Please keep to the lines below from the one with "Lemma collinear_of_distance_le1 x" through the one with "Lemma line3_distances K", and restate them word for word, ends included.

Start of LISTED ENTRIES

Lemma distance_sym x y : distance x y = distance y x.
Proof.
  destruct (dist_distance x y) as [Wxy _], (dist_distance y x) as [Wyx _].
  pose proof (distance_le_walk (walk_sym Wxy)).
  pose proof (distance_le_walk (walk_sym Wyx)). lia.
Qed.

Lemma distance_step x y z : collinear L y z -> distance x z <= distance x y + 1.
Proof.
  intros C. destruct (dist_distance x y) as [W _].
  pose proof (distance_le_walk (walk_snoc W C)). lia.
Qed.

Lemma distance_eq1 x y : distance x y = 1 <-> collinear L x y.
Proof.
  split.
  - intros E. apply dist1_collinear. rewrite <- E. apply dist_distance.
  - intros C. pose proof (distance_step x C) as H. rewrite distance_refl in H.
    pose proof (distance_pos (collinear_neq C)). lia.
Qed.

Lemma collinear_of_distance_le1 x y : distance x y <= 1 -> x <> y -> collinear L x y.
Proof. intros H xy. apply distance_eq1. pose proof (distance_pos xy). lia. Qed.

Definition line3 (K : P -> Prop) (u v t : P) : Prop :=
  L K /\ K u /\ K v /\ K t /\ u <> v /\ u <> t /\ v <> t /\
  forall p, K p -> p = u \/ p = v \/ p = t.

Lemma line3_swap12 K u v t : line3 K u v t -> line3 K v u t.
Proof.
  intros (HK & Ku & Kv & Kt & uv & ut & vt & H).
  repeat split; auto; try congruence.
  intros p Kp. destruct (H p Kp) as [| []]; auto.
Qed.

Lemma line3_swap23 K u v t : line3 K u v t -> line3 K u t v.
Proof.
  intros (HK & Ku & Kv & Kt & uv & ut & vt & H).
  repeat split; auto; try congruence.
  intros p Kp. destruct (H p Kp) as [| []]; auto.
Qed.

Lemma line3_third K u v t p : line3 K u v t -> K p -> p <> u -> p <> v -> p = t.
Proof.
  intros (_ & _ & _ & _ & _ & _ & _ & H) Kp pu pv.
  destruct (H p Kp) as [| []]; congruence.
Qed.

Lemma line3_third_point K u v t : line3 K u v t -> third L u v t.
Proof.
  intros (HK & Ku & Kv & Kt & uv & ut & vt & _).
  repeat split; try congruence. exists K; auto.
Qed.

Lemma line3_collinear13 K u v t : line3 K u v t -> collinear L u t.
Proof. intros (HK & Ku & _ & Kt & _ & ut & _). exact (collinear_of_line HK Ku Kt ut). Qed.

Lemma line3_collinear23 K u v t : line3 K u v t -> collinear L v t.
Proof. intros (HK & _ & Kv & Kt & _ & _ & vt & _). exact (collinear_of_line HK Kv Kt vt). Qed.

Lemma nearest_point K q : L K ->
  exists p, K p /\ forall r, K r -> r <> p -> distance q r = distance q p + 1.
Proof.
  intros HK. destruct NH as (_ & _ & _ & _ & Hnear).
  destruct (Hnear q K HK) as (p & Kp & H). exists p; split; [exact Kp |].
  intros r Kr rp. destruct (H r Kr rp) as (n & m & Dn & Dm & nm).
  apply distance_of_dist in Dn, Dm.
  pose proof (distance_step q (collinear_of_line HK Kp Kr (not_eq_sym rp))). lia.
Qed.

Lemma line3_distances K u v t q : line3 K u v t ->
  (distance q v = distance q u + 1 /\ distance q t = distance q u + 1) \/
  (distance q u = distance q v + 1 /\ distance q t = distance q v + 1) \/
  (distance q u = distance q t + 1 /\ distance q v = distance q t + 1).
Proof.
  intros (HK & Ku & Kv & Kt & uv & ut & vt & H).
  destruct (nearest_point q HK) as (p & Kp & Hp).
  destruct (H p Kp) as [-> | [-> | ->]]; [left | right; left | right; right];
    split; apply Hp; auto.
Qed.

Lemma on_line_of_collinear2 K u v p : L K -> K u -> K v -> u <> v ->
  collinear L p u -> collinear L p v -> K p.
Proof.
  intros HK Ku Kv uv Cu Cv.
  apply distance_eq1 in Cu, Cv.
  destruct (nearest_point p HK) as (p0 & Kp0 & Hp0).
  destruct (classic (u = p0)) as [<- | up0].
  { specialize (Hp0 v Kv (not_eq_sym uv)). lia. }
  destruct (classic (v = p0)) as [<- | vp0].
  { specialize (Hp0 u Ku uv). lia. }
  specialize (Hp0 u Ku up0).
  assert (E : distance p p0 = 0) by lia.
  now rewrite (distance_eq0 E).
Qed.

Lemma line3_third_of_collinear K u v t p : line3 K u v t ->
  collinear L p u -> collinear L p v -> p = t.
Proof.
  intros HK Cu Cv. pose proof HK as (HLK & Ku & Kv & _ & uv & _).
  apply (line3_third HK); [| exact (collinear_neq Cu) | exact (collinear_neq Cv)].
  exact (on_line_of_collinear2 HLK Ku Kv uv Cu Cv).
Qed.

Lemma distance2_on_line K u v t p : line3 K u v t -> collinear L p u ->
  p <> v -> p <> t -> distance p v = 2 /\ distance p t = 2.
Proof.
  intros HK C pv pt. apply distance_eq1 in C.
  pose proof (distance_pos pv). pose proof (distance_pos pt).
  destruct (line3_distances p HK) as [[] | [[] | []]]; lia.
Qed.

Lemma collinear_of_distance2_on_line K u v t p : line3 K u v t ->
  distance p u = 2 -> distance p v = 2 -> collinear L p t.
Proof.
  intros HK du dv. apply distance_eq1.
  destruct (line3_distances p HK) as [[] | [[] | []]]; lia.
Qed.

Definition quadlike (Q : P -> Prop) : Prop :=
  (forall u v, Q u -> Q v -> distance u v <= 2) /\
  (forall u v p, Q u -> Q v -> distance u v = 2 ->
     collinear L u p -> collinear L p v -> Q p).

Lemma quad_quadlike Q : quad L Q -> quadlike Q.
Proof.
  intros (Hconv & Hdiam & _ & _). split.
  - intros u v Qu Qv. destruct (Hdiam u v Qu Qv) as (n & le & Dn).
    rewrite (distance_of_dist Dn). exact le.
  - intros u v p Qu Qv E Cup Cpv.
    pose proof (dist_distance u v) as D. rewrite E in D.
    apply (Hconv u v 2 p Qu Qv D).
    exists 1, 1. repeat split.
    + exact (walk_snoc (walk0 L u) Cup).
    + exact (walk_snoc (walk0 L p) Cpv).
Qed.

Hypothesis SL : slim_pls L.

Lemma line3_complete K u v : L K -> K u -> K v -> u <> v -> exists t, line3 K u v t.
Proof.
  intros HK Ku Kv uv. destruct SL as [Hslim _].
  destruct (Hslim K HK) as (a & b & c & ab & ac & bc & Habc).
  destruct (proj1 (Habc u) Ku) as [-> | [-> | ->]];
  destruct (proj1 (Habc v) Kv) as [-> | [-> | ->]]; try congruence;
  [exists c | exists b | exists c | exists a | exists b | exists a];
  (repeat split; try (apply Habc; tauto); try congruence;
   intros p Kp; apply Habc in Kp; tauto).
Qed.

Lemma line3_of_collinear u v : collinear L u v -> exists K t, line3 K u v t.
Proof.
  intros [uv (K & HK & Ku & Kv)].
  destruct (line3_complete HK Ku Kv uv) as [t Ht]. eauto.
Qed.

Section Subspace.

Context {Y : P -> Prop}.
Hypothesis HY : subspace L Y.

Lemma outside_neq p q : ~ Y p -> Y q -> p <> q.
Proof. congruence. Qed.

End of LISTED ENTRIES
Start of LISTED ENTRIES

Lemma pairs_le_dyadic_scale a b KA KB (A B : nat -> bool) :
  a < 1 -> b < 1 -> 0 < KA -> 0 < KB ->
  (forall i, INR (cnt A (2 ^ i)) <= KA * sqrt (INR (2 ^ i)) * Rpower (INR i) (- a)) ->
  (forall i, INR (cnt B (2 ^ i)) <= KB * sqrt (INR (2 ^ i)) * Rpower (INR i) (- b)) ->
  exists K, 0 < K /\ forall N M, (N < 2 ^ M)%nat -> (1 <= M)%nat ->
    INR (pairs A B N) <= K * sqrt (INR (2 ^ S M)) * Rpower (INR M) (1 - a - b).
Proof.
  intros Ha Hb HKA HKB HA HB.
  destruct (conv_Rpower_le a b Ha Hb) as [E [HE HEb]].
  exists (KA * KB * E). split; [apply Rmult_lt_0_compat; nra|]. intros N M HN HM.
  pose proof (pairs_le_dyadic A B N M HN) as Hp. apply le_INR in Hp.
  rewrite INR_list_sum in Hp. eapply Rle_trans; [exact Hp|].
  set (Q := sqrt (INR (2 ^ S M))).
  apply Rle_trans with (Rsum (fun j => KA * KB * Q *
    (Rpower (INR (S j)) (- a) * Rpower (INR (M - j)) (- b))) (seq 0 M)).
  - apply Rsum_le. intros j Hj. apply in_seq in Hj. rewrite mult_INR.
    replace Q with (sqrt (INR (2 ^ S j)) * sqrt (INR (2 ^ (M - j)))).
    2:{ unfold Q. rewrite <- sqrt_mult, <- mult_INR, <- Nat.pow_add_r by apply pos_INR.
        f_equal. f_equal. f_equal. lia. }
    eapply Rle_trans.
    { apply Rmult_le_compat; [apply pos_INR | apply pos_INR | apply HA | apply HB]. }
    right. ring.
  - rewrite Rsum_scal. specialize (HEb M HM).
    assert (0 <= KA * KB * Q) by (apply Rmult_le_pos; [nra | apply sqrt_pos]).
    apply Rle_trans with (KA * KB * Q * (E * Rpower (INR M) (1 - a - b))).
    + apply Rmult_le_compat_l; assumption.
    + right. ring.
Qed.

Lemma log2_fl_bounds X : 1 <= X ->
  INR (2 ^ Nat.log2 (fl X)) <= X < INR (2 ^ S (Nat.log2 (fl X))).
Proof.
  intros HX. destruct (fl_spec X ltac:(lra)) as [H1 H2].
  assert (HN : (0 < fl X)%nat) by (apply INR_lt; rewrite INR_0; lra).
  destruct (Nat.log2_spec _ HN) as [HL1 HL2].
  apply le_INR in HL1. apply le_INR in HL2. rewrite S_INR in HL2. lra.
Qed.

End of LISTED ENTRIES

● **ANSWER TO THE EXERCISE**:
Lemma collinear_of_distance_le1 x y : distance x y <= 1 -> x <> y -> collinear L x y.
Proof. intros H xy. apply distance_eq1. pose proof (distance_pos xy). lia. Qed.

Definition line3 (K : P -> Prop) (u v t : P) : Prop :=
  L K /\ K u /\ K v /\ K t /\ u <> v /\ u <> t /\ v <> t /\
  forall p, K p -> p = u \/ p = v \/ p = t.

Lemma line3_swap12 K u v t : line3 K u v t -> line3 K v u t.
Proof.
  intros (HK & Ku & Kv & Kt & uv & ut & vt & H).
  repeat split; auto; try congruence.
  intros p Kp. destruct (H p Kp) as [| []]; auto.
Qed.

Lemma line3_swap23 K u v t : line3 K u v t -> line3 K u t v.
Proof.
  intros (HK & Ku & Kv & Kt & uv & ut & vt & H).
  repeat split; auto; try congruence.
  intros p Kp. destruct (H p Kp) as [| []]; auto.
Qed.

Lemma line3_third K u v t p : line3 K u v t -> K p -> p <> u -> p <> v -> p = t.
Proof.
  intros (_ & _ & _ & _ & _ & _ & _ & H) Kp pu pv.
  destruct (H p Kp) as [| []]; congruence.
Qed.

Lemma line3_third_point K u v t : line3 K u v t -> third L u v t.
Proof.
  intros (HK & Ku & Kv & Kt & uv & ut & vt & _).
  repeat split; try congruence. exists K; auto.
Qed.

Lemma line3_collinear13 K u v t : line3 K u v t -> collinear L u t.
Proof. intros (HK & Ku & _ & Kt & _ & ut & _). exact (collinear_of_line HK Ku Kt ut). Qed.

Lemma line3_collinear23 K u v t : line3 K u v t -> collinear L v t.
Proof. intros (HK & _ & Kv & Kt & _ & _ & vt & _). exact (collinear_of_line HK Kv Kt vt). Qed.

Lemma nearest_point K q : L K ->
  exists p, K p /\ forall r, K r -> r <> p -> distance q r = distance q p + 1.
Proof.
  intros HK. destruct NH as (_ & _ & _ & _ & Hnear).
  destruct (Hnear q K HK) as (p & Kp & H). exists p; split; [exact Kp |].
  intros r Kr rp. destruct (H r Kr rp) as (n & m & Dn & Dm & nm).
  apply distance_of_dist in Dn, Dm.
  pose proof (distance_step q (collinear_of_line HK Kp Kr (not_eq_sym rp))). lia.
Qed.

Lemma line3_distances K u v t q : line3 K u v t ->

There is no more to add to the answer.